Work required
This task calls for copying every line in the data below that contains the word "pose".

### Material supplied

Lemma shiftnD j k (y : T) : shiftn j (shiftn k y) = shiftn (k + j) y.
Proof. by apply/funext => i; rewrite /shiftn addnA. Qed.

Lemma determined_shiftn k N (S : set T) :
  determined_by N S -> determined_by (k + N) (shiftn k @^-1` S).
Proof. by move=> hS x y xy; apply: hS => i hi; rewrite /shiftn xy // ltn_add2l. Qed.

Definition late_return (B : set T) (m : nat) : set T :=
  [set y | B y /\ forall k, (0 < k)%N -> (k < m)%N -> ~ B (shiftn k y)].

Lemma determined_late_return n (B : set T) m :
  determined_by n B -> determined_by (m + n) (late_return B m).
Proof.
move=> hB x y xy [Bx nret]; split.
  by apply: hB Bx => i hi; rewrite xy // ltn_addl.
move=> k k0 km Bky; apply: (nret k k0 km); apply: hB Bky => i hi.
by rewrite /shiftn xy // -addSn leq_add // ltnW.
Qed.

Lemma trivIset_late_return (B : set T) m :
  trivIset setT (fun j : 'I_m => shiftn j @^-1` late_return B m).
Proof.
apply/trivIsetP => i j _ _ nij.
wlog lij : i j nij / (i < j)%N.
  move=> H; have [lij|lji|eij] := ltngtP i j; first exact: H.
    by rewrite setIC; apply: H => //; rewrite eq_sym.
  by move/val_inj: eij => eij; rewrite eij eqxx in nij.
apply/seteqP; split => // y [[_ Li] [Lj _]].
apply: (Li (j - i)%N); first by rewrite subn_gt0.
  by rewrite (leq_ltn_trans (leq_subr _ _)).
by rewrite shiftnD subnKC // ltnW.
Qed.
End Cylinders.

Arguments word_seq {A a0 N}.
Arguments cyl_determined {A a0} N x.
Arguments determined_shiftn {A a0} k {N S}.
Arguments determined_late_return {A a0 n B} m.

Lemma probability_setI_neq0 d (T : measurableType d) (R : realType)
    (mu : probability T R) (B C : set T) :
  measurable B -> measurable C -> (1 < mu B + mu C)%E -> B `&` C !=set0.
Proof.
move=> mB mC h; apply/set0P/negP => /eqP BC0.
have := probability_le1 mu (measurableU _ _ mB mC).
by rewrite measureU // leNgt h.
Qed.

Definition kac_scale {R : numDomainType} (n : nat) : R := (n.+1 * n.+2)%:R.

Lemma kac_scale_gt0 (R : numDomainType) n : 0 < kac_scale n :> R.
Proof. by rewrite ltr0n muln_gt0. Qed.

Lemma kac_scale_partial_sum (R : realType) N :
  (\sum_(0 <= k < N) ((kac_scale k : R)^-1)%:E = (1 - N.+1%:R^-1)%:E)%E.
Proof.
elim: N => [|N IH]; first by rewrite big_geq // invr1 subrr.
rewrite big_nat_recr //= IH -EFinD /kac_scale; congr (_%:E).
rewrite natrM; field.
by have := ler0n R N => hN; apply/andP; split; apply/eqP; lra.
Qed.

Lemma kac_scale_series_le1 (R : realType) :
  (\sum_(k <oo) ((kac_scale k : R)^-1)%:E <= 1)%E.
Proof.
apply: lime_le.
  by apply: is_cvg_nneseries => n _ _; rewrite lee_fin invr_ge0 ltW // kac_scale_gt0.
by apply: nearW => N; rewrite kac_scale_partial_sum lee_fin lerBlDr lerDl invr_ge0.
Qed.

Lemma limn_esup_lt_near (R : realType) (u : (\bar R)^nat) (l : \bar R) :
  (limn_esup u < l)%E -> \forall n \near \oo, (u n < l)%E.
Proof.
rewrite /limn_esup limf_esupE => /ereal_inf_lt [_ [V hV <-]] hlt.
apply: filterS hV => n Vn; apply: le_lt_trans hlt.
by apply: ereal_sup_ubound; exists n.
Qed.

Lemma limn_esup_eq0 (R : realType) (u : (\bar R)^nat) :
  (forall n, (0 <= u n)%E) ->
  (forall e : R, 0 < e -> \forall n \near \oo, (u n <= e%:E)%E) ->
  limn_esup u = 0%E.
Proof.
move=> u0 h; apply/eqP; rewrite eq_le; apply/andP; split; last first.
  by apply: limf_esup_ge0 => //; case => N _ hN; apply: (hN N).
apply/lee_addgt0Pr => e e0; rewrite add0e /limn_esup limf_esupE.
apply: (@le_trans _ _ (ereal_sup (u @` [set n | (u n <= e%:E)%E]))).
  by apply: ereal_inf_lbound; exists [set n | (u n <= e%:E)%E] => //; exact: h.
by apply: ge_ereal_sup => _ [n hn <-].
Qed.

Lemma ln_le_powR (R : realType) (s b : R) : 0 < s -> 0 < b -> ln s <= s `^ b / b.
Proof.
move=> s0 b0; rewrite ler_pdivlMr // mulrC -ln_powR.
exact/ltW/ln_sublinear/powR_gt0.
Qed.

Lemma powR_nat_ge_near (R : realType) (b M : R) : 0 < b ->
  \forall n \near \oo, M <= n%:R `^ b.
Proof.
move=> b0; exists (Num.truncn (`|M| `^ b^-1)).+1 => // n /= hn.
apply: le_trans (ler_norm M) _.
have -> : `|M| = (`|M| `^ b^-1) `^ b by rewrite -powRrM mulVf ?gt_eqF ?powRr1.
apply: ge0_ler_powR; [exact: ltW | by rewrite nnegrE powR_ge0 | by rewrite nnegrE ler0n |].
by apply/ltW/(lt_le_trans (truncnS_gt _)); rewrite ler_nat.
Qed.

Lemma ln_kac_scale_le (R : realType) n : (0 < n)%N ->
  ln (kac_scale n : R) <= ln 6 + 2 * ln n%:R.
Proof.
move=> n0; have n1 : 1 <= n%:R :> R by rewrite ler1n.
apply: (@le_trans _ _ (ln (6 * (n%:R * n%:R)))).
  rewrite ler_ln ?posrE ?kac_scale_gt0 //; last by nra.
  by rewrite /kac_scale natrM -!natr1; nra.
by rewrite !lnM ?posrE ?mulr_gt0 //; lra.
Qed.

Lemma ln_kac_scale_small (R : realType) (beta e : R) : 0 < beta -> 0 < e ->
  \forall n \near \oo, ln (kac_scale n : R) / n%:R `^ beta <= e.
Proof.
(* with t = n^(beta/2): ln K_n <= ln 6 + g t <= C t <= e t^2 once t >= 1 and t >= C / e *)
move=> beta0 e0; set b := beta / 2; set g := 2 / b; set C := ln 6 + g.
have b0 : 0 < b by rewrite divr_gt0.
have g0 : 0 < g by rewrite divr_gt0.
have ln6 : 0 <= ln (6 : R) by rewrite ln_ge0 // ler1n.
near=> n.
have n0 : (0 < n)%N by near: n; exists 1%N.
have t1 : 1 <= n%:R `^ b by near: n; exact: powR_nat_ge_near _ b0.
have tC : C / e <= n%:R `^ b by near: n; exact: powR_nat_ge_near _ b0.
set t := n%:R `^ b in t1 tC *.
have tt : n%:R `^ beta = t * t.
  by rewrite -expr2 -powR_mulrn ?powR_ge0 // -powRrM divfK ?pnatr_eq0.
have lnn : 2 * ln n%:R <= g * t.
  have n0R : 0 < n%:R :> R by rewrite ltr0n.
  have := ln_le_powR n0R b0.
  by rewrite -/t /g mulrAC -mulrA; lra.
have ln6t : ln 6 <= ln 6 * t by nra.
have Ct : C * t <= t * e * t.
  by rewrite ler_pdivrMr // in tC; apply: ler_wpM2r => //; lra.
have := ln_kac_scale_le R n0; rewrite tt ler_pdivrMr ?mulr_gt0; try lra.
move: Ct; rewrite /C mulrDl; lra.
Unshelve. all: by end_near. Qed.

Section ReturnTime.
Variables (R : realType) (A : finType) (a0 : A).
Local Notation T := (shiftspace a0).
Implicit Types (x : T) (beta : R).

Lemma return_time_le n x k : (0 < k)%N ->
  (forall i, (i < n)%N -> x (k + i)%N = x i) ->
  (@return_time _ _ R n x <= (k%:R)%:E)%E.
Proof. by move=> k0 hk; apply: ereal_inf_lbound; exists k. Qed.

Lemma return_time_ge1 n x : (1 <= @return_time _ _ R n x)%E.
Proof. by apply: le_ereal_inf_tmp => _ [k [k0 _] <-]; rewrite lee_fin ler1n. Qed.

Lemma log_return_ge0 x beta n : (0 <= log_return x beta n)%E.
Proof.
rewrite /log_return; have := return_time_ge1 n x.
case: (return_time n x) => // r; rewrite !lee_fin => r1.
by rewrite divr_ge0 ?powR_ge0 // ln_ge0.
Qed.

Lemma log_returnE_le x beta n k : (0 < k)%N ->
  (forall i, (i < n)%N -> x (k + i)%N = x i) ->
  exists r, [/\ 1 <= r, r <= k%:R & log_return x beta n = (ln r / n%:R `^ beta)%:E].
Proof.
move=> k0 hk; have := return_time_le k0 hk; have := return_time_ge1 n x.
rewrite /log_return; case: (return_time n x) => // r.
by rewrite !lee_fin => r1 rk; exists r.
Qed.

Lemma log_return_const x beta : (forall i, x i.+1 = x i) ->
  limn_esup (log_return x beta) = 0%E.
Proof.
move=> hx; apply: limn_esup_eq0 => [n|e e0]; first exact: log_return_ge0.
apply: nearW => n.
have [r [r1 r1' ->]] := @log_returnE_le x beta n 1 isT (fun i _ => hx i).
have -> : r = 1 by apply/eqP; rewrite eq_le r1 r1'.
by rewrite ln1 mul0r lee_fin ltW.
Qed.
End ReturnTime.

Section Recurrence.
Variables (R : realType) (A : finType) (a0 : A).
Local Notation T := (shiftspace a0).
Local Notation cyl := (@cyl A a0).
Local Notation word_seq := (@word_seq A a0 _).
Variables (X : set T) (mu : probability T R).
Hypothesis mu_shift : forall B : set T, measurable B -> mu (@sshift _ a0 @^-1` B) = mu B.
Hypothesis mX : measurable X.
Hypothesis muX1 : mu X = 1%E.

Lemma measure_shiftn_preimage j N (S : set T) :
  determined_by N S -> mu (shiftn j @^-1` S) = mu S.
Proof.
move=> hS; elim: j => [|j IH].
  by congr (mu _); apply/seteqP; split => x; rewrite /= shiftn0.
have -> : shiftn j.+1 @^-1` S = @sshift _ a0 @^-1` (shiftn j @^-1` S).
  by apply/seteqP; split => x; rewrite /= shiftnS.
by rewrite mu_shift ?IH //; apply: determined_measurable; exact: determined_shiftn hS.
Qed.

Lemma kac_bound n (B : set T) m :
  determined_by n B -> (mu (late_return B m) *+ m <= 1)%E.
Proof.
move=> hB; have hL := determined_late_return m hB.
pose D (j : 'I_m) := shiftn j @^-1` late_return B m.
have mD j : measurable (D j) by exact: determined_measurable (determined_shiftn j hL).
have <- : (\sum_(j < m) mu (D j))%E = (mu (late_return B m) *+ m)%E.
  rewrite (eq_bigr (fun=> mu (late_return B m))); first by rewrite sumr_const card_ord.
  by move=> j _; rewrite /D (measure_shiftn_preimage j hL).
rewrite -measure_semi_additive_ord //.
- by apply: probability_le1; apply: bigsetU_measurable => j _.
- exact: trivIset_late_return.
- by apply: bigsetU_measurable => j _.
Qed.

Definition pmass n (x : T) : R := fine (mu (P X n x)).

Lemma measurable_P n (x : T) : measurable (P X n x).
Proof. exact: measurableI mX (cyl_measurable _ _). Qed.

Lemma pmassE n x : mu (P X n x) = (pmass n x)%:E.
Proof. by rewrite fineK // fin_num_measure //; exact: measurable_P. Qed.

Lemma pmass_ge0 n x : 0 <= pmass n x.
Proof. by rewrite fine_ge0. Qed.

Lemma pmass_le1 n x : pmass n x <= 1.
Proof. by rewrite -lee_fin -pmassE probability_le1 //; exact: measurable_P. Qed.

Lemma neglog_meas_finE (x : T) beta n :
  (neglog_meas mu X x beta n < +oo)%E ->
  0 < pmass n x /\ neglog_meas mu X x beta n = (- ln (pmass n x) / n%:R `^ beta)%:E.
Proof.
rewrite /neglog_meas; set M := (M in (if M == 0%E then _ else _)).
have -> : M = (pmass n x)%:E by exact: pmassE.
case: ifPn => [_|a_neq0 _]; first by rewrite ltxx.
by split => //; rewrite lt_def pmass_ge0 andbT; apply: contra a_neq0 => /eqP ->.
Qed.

######
### Material supplied

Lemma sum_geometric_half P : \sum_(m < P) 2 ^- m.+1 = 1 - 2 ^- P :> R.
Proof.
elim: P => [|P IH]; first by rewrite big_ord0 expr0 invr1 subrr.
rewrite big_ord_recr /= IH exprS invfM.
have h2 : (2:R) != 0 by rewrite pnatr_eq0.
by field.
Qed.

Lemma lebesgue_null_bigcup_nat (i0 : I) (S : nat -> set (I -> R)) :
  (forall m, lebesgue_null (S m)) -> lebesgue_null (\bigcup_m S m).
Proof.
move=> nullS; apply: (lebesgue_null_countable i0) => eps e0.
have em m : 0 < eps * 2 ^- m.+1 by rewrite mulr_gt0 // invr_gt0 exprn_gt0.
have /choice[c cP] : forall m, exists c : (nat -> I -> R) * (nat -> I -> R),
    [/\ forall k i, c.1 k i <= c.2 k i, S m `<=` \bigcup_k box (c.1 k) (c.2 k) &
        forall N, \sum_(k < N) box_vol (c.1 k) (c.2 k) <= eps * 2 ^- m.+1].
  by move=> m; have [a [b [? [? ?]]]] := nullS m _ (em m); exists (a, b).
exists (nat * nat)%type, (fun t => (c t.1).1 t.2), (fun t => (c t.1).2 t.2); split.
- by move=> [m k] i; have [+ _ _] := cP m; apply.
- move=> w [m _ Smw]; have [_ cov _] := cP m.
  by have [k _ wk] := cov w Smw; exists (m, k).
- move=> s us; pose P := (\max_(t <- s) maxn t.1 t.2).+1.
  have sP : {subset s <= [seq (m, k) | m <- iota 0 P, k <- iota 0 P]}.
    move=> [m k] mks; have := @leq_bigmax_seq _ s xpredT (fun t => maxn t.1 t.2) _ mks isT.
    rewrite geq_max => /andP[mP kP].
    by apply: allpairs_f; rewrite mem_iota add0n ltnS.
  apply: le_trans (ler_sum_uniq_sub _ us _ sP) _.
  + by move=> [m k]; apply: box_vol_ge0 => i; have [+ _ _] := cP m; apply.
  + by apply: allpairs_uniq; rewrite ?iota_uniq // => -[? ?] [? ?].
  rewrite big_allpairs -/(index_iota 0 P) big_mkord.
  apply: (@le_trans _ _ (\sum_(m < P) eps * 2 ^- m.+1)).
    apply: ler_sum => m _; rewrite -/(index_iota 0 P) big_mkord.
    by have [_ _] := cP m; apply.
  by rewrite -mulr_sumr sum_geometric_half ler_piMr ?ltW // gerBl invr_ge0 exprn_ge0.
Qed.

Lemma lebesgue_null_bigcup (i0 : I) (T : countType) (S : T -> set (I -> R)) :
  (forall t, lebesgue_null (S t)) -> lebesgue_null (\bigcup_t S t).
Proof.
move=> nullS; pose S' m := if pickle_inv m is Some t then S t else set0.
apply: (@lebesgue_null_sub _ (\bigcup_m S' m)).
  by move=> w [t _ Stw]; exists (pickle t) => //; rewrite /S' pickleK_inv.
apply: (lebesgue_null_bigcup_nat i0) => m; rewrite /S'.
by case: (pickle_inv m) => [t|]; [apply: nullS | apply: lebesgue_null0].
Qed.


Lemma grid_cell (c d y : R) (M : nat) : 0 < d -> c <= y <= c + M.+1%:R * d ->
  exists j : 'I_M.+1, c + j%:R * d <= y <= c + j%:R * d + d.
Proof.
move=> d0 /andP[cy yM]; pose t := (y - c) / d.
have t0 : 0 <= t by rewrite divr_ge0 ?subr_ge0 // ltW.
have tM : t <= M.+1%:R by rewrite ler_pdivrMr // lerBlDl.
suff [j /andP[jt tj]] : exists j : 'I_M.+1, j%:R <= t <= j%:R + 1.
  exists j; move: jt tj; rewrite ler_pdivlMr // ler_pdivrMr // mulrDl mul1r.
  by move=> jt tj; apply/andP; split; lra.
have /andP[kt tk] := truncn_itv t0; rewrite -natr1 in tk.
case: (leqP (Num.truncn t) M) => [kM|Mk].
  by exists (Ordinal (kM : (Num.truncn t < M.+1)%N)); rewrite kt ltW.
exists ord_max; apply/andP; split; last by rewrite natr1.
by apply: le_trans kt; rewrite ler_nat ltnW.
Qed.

######

Expected answer
pose D (j : 'I_m) := shiftn j @^-1` late_return B m.
- move=> s us; pose P := (\max_(t <- s) maxn t.1 t.2).+1.
move=> nullS; pose S' m := if pickle_inv m is Some t then S t else set0.
move=> d0 /andP[cy yM]; pose t := (y - c) / d.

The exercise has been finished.